- _Work instruction_: Give back an exact copy of the lines in the records below, from the line that has "move=> [W [chi" through the line that has "split=> [w' a u u'|u a w1 w2] /=.", and nothing besides.
[Start of Attachment]
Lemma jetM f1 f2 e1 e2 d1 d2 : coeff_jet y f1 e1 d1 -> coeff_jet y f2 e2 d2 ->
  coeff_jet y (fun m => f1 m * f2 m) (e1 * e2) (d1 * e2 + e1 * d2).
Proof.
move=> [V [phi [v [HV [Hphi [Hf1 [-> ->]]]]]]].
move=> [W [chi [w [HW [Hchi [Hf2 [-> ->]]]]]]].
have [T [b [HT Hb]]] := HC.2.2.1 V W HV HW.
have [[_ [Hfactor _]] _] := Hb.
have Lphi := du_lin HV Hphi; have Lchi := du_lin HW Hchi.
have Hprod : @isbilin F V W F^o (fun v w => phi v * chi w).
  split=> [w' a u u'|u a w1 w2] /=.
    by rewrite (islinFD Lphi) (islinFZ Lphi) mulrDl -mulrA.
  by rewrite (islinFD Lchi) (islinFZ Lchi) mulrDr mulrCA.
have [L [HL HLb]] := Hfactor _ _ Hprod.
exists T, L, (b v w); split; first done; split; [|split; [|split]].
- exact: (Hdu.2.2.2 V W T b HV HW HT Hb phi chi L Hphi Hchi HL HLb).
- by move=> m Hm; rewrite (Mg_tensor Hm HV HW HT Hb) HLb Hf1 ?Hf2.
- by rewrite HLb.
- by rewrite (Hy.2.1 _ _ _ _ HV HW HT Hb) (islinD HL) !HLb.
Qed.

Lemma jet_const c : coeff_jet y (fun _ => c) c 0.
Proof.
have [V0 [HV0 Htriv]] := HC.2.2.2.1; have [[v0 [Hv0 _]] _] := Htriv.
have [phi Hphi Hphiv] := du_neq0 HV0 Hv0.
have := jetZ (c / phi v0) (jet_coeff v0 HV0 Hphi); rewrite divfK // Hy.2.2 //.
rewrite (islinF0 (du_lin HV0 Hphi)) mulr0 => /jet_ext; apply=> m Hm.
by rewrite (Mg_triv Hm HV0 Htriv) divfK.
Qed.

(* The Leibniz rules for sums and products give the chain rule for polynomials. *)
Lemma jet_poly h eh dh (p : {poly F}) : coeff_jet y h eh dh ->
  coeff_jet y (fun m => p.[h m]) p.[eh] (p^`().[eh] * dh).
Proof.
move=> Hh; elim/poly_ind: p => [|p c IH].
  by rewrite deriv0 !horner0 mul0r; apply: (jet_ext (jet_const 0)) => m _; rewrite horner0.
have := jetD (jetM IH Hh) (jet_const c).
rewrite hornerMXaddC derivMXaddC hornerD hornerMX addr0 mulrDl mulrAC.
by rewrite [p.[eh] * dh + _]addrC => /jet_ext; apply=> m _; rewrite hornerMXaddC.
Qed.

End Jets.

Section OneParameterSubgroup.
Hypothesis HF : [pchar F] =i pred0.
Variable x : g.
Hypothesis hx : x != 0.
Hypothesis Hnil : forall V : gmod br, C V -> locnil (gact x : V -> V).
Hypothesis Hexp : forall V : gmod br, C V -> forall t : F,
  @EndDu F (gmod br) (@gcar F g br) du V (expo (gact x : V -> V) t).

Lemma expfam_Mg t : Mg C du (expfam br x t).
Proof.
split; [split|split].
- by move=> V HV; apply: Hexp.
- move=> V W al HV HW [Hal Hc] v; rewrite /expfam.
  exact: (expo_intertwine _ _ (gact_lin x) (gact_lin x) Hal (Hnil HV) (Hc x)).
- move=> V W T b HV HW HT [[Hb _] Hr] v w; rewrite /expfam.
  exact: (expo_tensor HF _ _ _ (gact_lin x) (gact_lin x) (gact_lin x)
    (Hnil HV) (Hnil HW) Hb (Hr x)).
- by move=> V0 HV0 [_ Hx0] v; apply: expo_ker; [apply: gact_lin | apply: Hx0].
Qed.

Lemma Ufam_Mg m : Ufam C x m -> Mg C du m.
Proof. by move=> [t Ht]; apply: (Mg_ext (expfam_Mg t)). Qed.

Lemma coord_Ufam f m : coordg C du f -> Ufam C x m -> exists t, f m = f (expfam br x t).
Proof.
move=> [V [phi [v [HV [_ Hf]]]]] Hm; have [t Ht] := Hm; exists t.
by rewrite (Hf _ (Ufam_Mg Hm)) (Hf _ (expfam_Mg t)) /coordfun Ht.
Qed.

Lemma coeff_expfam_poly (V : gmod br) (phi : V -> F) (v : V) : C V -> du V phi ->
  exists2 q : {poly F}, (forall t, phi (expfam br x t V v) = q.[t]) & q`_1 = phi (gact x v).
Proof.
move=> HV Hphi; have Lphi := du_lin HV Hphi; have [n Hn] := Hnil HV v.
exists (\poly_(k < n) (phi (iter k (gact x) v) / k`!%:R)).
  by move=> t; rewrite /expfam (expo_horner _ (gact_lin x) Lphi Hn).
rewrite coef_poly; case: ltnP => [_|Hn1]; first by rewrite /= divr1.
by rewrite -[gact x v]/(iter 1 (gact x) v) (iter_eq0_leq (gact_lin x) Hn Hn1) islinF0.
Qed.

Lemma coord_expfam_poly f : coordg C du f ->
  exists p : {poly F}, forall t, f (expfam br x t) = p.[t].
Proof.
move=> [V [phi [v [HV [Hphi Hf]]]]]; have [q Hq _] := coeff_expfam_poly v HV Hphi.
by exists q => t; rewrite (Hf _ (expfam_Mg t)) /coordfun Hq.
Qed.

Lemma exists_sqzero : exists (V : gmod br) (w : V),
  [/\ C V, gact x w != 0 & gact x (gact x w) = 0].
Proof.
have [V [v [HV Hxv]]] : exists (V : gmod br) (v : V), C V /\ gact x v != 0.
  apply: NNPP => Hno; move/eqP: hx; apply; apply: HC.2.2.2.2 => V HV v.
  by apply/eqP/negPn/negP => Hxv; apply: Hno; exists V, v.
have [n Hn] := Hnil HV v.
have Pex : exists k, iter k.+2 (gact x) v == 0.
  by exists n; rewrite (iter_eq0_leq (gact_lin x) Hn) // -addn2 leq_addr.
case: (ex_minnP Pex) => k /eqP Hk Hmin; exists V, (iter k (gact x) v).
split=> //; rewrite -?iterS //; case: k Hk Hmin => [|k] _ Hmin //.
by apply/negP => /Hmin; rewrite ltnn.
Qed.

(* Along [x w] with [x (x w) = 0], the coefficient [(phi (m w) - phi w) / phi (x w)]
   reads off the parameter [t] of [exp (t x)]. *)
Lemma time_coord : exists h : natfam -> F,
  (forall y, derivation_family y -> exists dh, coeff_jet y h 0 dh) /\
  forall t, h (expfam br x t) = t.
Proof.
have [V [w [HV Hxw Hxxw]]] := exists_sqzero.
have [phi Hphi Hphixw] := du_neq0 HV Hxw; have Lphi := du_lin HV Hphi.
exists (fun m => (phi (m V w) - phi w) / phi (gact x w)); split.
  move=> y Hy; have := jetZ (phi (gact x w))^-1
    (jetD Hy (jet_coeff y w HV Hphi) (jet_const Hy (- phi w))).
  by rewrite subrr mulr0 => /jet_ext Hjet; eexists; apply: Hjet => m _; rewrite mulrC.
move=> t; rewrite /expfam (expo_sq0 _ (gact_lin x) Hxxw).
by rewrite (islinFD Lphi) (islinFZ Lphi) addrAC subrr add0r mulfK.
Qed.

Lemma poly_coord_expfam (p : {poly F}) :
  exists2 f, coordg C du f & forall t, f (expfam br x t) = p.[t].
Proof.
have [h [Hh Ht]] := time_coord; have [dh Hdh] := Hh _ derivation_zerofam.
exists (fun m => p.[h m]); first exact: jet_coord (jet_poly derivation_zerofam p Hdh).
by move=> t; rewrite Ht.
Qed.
[End of Attachment]
- _Reply_:
move=> [W [chi [w [HW [Hchi [Hf2 [-> ->]]]]]]].
have [T [b [HT Hb]]] := HC.2.2.1 V W HV HW.
have [[_ [Hfactor _]] _] := Hb.
have Lphi := du_lin HV Hphi; have Lchi := du_lin HW Hchi.
have Hprod : @isbilin F V W F^o (fun v w => phi v * chi w).
  split=> [w' a u u'|u a w1 w2] /=.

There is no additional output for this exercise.